15人の作家さんの中で、初めましての方は草上仁さんと平山夢明さん、宮内悠介さん……平山さんはとにかくホラー系でチョ~怖い話しか書かない人だと思い込んでいたので、意外にホッコリした作品でいい意味で拍子抜けでしたわ。朱川湊人さんの『花まんま』という短編集にある「トカビの夜」をちょっと思い出しました。

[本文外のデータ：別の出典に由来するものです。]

Lemma generates_of_cover H Y R : is_subgroup H -> (forall y, y \in Y -> H y) ->
  (forall h, H h -> exists2 x, x \in R & zspan Y (h - x)) ->
  exists X, generates X H.
Proof.
move=> hH HY coverR.
have [l [_ [l_sound l_complete]]] := finite_choice (fun x h => H h /\ zspan Y (h - x)) R.
exists (Y ++ l); split=> [x|h Hh].
  by rewrite mem_cat => /orP[/HY //|/l_sound[? _ []]].
have [x xR Yhx] := coverR h Hh.
have [h' h'l [_ Yh'x]] := l_complete x xR (ex_intro _ h (conj Hh Yhx)).
have spanY := zspan_subgroup Y.
apply/in_spanE; rewrite -(subrK h' h); apply: subgroupD; first exact: zspan_subgroup.
  apply: zspanS (subgroup_sub_trans spanY Yhx (subgroup_subC spanY Yh'x)).
  by move=> y yY; rewrite mem_cat yY.
by apply: mem_zspan; rewrite mem_cat h'l orbT.
Qed.

Lemma distinct_coset_reps K H c : is_subgroup H -> exists c',
  [/\ (size c' <= size c)%N, forall x, x \in c' -> K x,
      forall x, x \in c -> K x -> exists2 y, y \in c' & H (x - y)
    & forall i j, (i < size c')%N -> (j < size c')%N -> H (c'`_i - c'`_j) -> i = j].
Proof.
move=> hH; elim: c => [|x c [c' [size_c' Kc' cover_c' uniq_c']]].
  by exists [::]; split=> // [? //|[] //].
case: (classic (K x /\ ~ exists2 y, y \in c' & H (x - y))) => [[Kx new_x]|old_x].
  exists (x :: c'); split=> [||y|].
  - by rewrite ltnS.
  - by move=> y; rewrite inE => /predU1P[->|/Kc'].
  - rewrite inE => /predU1P[-> _|/cover_c' yc /yc[z zc' Hyz]].
      by exists x; rewrite ?mem_head // subrr; apply: hH.1.
    by exists z; rewrite // inE zc' orbT.
  move=> [|i] [|j] //= lt_i lt_j Hij; last by congr S; apply: uniq_c'.
    by case: new_x; exists c'`_j; rewrite ?mem_nth.
  by case: new_x; exists c'`_i; rewrite ?mem_nth //; apply: subgroup_subC.
exists c'; split=> // [|y]; first exact: leqW.
rewrite inE => /predU1P[-> Kx|/cover_c' //].
by apply: NNPP => new_x; apply: old_x.
Qed.

Lemma index_le_cover K H c :
  is_subgroup H -> is_subgroup K -> (forall a, H a -> K a) ->
  (forall a, K a -> exists2 x, x \in c & H (a - x)) ->
  exists2 d, (d <= size c)%N & index_is K H d.
Proof.
move=> hH hK sHK coverK.
have [c' [size_c' Kc' cover_c' uniq_c']] := distinct_coset_reps K c hH.
exists (size c') => //; exists c'; split=> //; split=> [i lt_i|]; first exact/Kc'/mem_nth.
split=> // a Ka; have [x xc Hax] := coverK a Ka.
have Kx : K x by rewrite -[x](subKr a); apply: hK.2 => //; apply: sHK.
have [y yc' Hxy] := cover_c' x xc Kx.
exists (index y c'); rewrite index_mem nth_index //.
by split=> //; apply: subgroup_sub_trans Hxy.
Qed.

End Subgroups.

Section WordLength.
Variables (A : zmodType) (S : seq A).
Implicit Types (H : A -> Prop) (X : seq A) (a : A).

Lemma wordlen_leW a n n' : wordlen_le S a n -> (n <= n')%N -> wordlen_le S a n'.
Proof.
by move=> [w [size_w w_letters]] le_nn'; exists w; split=> //; apply: leq_trans le_nn'.
Qed.

Lemma wordlen_le0 a : wordlen_le S a 0 -> a = 0.
Proof. by move=> [[|y w] [size_w [_ ->]]] //; rewrite big_nil. Qed.

Hypothesis genS : generates S (fun _ => True).

Lemma wordlen_finite a : exists n, wordlen_le S a n.
Proof.
have finite_subgroup : is_subgroup (fun a => exists n, wordlen_le S a n).
  split; first by exists 0%N, [::]; rewrite big_nil.
  move=> _ _ [n [w [size_w [w_letters ->]]]] [n' [w' [size_w' [w'_letters ->]]]].
  exists (n + n')%N, (w ++ map -%R w'); split; first by rewrite size_cat size_map leq_add.
  split; last by rewrite big_cat big_map sumrN.
  move=> y; rewrite mem_cat => /orP[/w_letters //|/mapP[y' /w'_letters y'_letter ->]].
  by rewrite opprK; case: y'_letter; [right|left].
apply: zspan_min finite_subgroup _ _; last by apply/in_spanE/genS.2.
move=> s sS; exists 1%N, [:: s]; rewrite big_seq1; split=> //.
by split=> // y /[1!inE] /eqP ->; left.
Qed.

Lemma wordlen_seq_bounded X : exists n, forall x, x \in X -> wordlen_le S x n.
Proof.
elim: X => [|x X [n le_n]]; first by exists 0%N.
have [m le_m] := wordlen_finite x; exists (maxn n m) => y /[1!inE] /predU1P[->|/le_n le_y].
  by apply: wordlen_leW le_m _; rewrite leq_maxr.
by apply: wordlen_leW le_y _; rewrite leq_maxl.
Qed.

Lemma zspanMn_of_generators (E : seq A) M :
  (forall s, s \in S -> zspan E (s *+ M)) -> forall a, zspan E (a *+ M).
Proof.
move=> SM a; have MnE : is_subgroup (fun a => zspan E (a *+ M)).
  split=> [|x y]; first by rewrite mul0rn; apply: (zspan_subgroup E).1.
  by rewrite mulrnBl; apply: (zspan_subgroup E).2.
by apply: (zspan_min MnE SM); apply/in_spanE/genS.2.
Qed.

Lemma subgroup_norm_exists H X : generates X H -> exists n, subgroup_norm_is S H n.
Proof.
move=> genX; have [m le_m] := wordlen_seq_bounded X.
have [|n [normH min_n]] := @ex_min_nat (subgroup_norm_le S H); last by exists n.
by exists m, X.
Qed.

End WordLength.

Lemma det_norm_le (R : numDomainType) p (B : 'M[R]_p) (k : R) :
  (forall i j, `|B i j| <= k) -> `|\det B| <= p`!%:R * k ^+ p.
Proof.
move=> le_k; rewrite /determinant (le_trans (ler_norm_sum _ _ _)) //.
rewrite mulr_natl -card_Sn -sumr_const; apply: ler_sum => s _.
rewrite normrM normrX normrN1 expr1n mul1r normr_prod -[p in k ^+ p]card_ord -prodr_const.
by apply: ler_prod => i _; rewrite normr_ge0 le_k.
Qed.

Lemma mulmx_det_neq0_eq0 (R : idomainType) p (c : 'rV[R]_p) (B : 'M[R]_p) :
  \det B != 0 -> c *m B = 0 -> c = 0.
Proof.
move=> detB_neq0 cB0; apply/eqP.
have := scalemx_eq0 (\det B) c; rewrite (negbTE detB_neq0) /= => <-.
by rewrite -mul_mx_scalar -mul_mx_adj mulmxA cB0 mul0mx.
Qed.

Lemma int_row_free p k (V : 'M[int]_(p, k)) :
  (forall c : 'rV[int]_p, c *m V = 0 -> c = 0) ->
  row_free (map_mx intr V : 'M[rat]_(p, k)).
Proof.
move=> freeV; apply/inj_row_free => u uV0.
pose D := \prod_(i < p) denq (u 0 i).
pose c := \row_i (numq (u 0 i) * \prod_(j < p | j != i) denq (u 0 j)).
have cE : map_mx intr c = D%:~R *: u.
  apply/rowP => i; rewrite !mxE rmorphM /= numqE rmorph_prod /= /D rmorph_prod /=.
  by rewrite [in RHS](bigD1 i) //= -mulrA mulrC.
have /freeV c0 : c *m V = 0.
  have /matrixP cV0 : map_mx intr (c *m V) = 0 :> 'rV[rat]_k.
    by rewrite map_mxM cE -scalemxAl uV0 scaler0.
  by apply/matrixP => i j; move/eqP: (cV0 i j); rewrite !mxE intr_eq0 => /eqP.
have /eqP := cE; rewrite c0 map_mx0 eq_sym scaler_eq0 intr_eq0 => /orP[|/eqP //].
by rewrite prodf_seq_eq0 => /hasP[i _ /=]; rewrite denq_eq0.
Qed.

Lemma int_free_minor p k (V : 'M[int]_(p, k)) :
  (forall c : 'rV[int]_p, c *m V = 0 -> c = 0) ->
  (p <= k)%N /\ exists f : 'I_p -> 'I_k, \det (colsub f V) != 0.
Proof.
move=> /int_row_free; set Vq := map_mx _ V => freeVq.
split; first by rewrite -(eqP freeVq) rank_leq_col.
have fullVqT : row_full Vq^T by rewrite /row_full mxrank_tr (eqP freeVq).
exists (fullrankfun fullVqT); have := fullrowsub_unit fullVqT.
have -> : rowsub (fullrankfun fullVqT) Vq^T
    = (map_mx intr (colsub (fullrankfun fullVqT) V))^T.
  by apply/matrixP => i j; rewrite !mxE.
by rewrite unitmxE det_tr det_map_mx unitfE intr_eq0.
Qed.

Lemma diag_lattice_reps p (d : 'I_p -> int) : (forall i, d i != 0) ->
  exists2 R : seq 'rV[int]_p, (size R <= \prod_(i < p) `|d i|)%N &
    forall u, exists2 rho, rho \in R & exists c, u = rho + c *m diag_mx (\row_i d i).
Proof.
move=> d_neq0; pose F := {dffun forall i : 'I_p, 'I_`|d i|}.
exists [seq \row_i (g i : nat)%:Z | g : F <- enum F].
  rewrite size_map -cardE card_dep_ffun foldrE big_map big_enum /=.
  by under eq_bigr do rewrite card_ord.
move=> u; have lt_mod i : (`|(u 0%R i %% d i)%Z| < `|d i|)%N.
  by rewrite -ltz_nat !abszE ger0_norm ?modz_ge0 ?ltz_mod.
exists (\row_i ((finfun (fun i => Ordinal (lt_mod i)) : F) i : nat)%:Z).
  by apply: map_f; rewrite mem_enum.
exists (\row_i (u 0%R i %/ d i)%Z); apply/rowP => i.
by rewrite mul_mx_diag !mxE ffunE /= gez0_abs ?modz_ge0 // addrC -divz_eq.
Qed.

Lemma int_lattice_reps p (B : 'M[int]_p) : \det B != 0 ->
  exists2 R : seq 'rV[int]_p, (size R <= `|\det B|)%N &
    forall u, exists2 rho, rho \in R & exists c, u = rho + c *m B.
Proof.
move=> detB_neq0; have [L unitL [U unitU [d _ BE]]] := int_Smith_normal_form B.
have {}BE : B = L *m diag_mx (\row_i d`_i) *m U.
  by rewrite BE; congr (_ *m _ *m _); apply/matrixP => i j; rewrite !mxE.
have detBE : \det B = \det L * (\prod_(i < p) d`_i) * \det U.
  by rewrite BE !det_mulmx det_diag; under eq_bigr do rewrite mxE.
have d_neq0 (i : 'I_p) : d`_i != 0.
  by apply: contraNneq detB_neq0 => di0; rewrite detBE (bigD1 i) //= di0 mul0r mulr0 mul0r.
have [R size_R coverR] := diag_lattice_reps d_neq0.
exists [seq rho *m U | rho <- R].
  have unit_abs (x : int) : x \is a GRing.unit -> `|x|%N = 1%N by case/orP => /eqP ->.
  rewrite !unitmxE in unitL unitU.
  rewrite size_map detBE !abszM (unit_abs _ unitL) (unit_abs _ unitU) mul1n muln1.
  by rewrite (big_morph (fun x : int => `|x|%N) abszM (erefl : `|1|%N = 1%N)).
move=> u; have [rho rhoR [c uUE]] := coverR (u *m invmx U).
exists (rho *m U); first exact: map_f.
by exists (c *m invmx L); rewrite BE !mulmxA mulmxKV // -mulmxDl -uUE mulmxKV.
Qed.

Section Coordinates.
Variables (A : zmodType) (E : seq A) (M : nat).
Hypotheses (freeE : zfree E) (M_gt0 : (0 < M)%N).
Hypothesis zspanMn : forall a, zspan E (a *+ M).
Implicit Types (H : A -> Prop) (a b t : A) (X Y : seq A).

Lemma coord_ex a :
  exists v : 'rV[int]_(size E), a *+ M == \sum_(i < size E) E`_i *~ v 0 i.
Proof.
have [c ->] := zspanMn a; exists (\row_i c i).
by apply/eqP/eq_bigr => i _; rewrite mxE.
Qed.

Definition coord a := xchoose (coord_ex a).

Lemma coordP a : a *+ M = \sum_(i < size E) E`_i *~ coord a 0 i.
Proof. exact/eqP/(xchooseP (coord_ex a)). Qed.

Lemma coord_uniq a (v : 'rV[int]_(size E)) :
  a *+ M = \sum_(i < size E) E`_i *~ v 0 i -> coord a = v.
Proof.
move=> aME; apply/rowP => i; apply/eqP; rewrite -subr_eq0; apply/eqP.
have vanish : \sum_(i < size E) E`_i *~ (coord a 0 i - v 0 i) = 0.
  by rewrite (eq_bigr _ (fun i _ => mulrzBr _ _ _)) sumrB -coordP -aME subrr.
exact: freeE vanish i.
Qed.

Lemma coord_is_zmod_morphism : zmod_morphism coord.
Proof.
move=> a b; apply: coord_uniq; rewrite mulrnBl !coordP -sumrB.
by apply: eq_bigr => i _; rewrite !mxE mulrzBr.
Qed.

HB.instance Definition _ := GRing.isZmodMorphism.Build A _ coord coord_is_zmod_morphism.

Lemma coord_eq0 a : coord a = 0 -> a *+ M = 0.
Proof. by move=> a0; rewrite coordP a0 big1 // => i _; rewrite mxE mulr0z. Qed.

Lemma coord_torsion t : torsion t -> coord t = 0.
Proof.
case=> m [m_gt0 tm0]; have /eqP := congr1 coord tm0.
rewrite raddfMn raddf0 -scaler_nat scalemx_eq0 pnatr_eq0.
by rewrite (negbTE (lt0n_neq0 m_gt0)) => /eqP.
Qed.

Lemma coord_comb_basis (c : 'rV[int]_(size E)) :
  coord (\sum_(i < size E) E`_i *~ c 0 i) = c *+ M.
Proof.
apply: coord_uniq; rewrite -sumrMnl; apply: eq_bigr => i _.
by rewrite mulmxnE -mulr_natr mulrzA mulrz_nat.
Qed.

Definition coord_mx Y := \matrix_(i < size Y, j < size E) coord Y`_i 0 j.

Lemma coord_comb Y (c : 'rV[int]_(size Y)) :
  coord (\sum_(i < size Y) Y`_i *~ c 0 i) = c *m coord_mx Y.
Proof.
apply/rowP => j; rewrite raddf_sum summxE !mxE.
by apply: eq_bigr => i _; rewrite raddfMz -scaler_int !mxE intz mulrC.
Qed.

Lemma zfree_coord_mx Y :
  zfree Y -> forall c : 'rV[int]_(size Y), c *m coord_mx Y = 0 -> c = 0.
Proof.
move=> freeY c; rewrite -coord_comb => /coord_eq0 /(zfreeMn freeY M_gt0) c0.
by apply/rowP => i; rewrite c0 mxE.
Qed.

Lemma zfree_size_le Y : zfree Y -> (size Y <= size E)%N.
Proof. by move=> /zfree_coord_mx /int_free_minor[]. Qed.

Lemma torsion_finite (R0 : seq A) :
  (forall a, exists2 r, r \in R0 & zspan E (a - r)) ->
  exists T : seq A, forall t, torsion t -> t \in T.
Proof.
(* A torsion element t = r + \sum_i c_i E_i has coord t = 0, hence
   coord r = - M c: t is determined by r. *)
move=> coverR0; exists [seq r - \sum_(i < size E) E`_i *~ (coord r 0%R i %/ M)%Z | r <- R0].
move=> t tors_t; have [r rR0 [c trE]] := coverR0 t.
have crE i : (coord r 0%R i %/ M)%Z = - c i.
  have trE' : t - r = \sum_(i < size E) E`_i *~ (\row_j c j) 0 i.
    by rewrite trE; apply: eq_bigr => j _; rewrite mxE.
  move/(congr1 coord)/rowP/(_ i): trE'.
  rewrite raddfB /= (coord_torsion tors_t) sub0r coord_comb_basis.
  rewrite mulmxnE !mxE => /eqP; rewrite eqr_oppLR => /eqP ->.
  by rewrite -mulNrn pmulrn mulrzz mulzK // eqz_nat -lt0n.
apply/mapP; exists r => //; under eq_bigr do rewrite crE mulrNz.
by rewrite sumrN opprK -trE addrC subrK.
Qed.

Section IsolatorCover.
Variables (Y : seq A) (f : 'I_(size Y) -> 'I_(size E)) (T : seq A).
Local Notation B := (colsub f (coord_mx Y)).
Hypotheses (detB_neq0 : \det B != 0) (torsionT : forall t, torsion t -> t \in T).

さて、タイトルにした『最後のお便り』は家族小説をたくさん書いている森浩美さんの作品で、一番最後に収められています。主人公は昔人気だった男性アナウンサーで今は『こころの焚き火』というラジオ番組を担当しています。しかし5年近く続いた番組も今週で打ち切りに…。最後の生放送直前に姉から入院中の母親が危篤の連絡が入ります。放送終了後に駆けつけますが、間に合わず……しかし、なぜ夜中近くに母は病室ではなく廊下で倒れていたのか?


夜遅くからのラジオをガサゴソしながら聞くのは同室の人に悪いからと(個室は寂しいからと四人部屋に)カセットテープに録音してくれるように頼んでいました。しかし、母親はずっと自販機コーナー横のベンチに座り、オンタイムでラジオ放送を聴いていたのです。その日は夕方から急に冷え込んでいました。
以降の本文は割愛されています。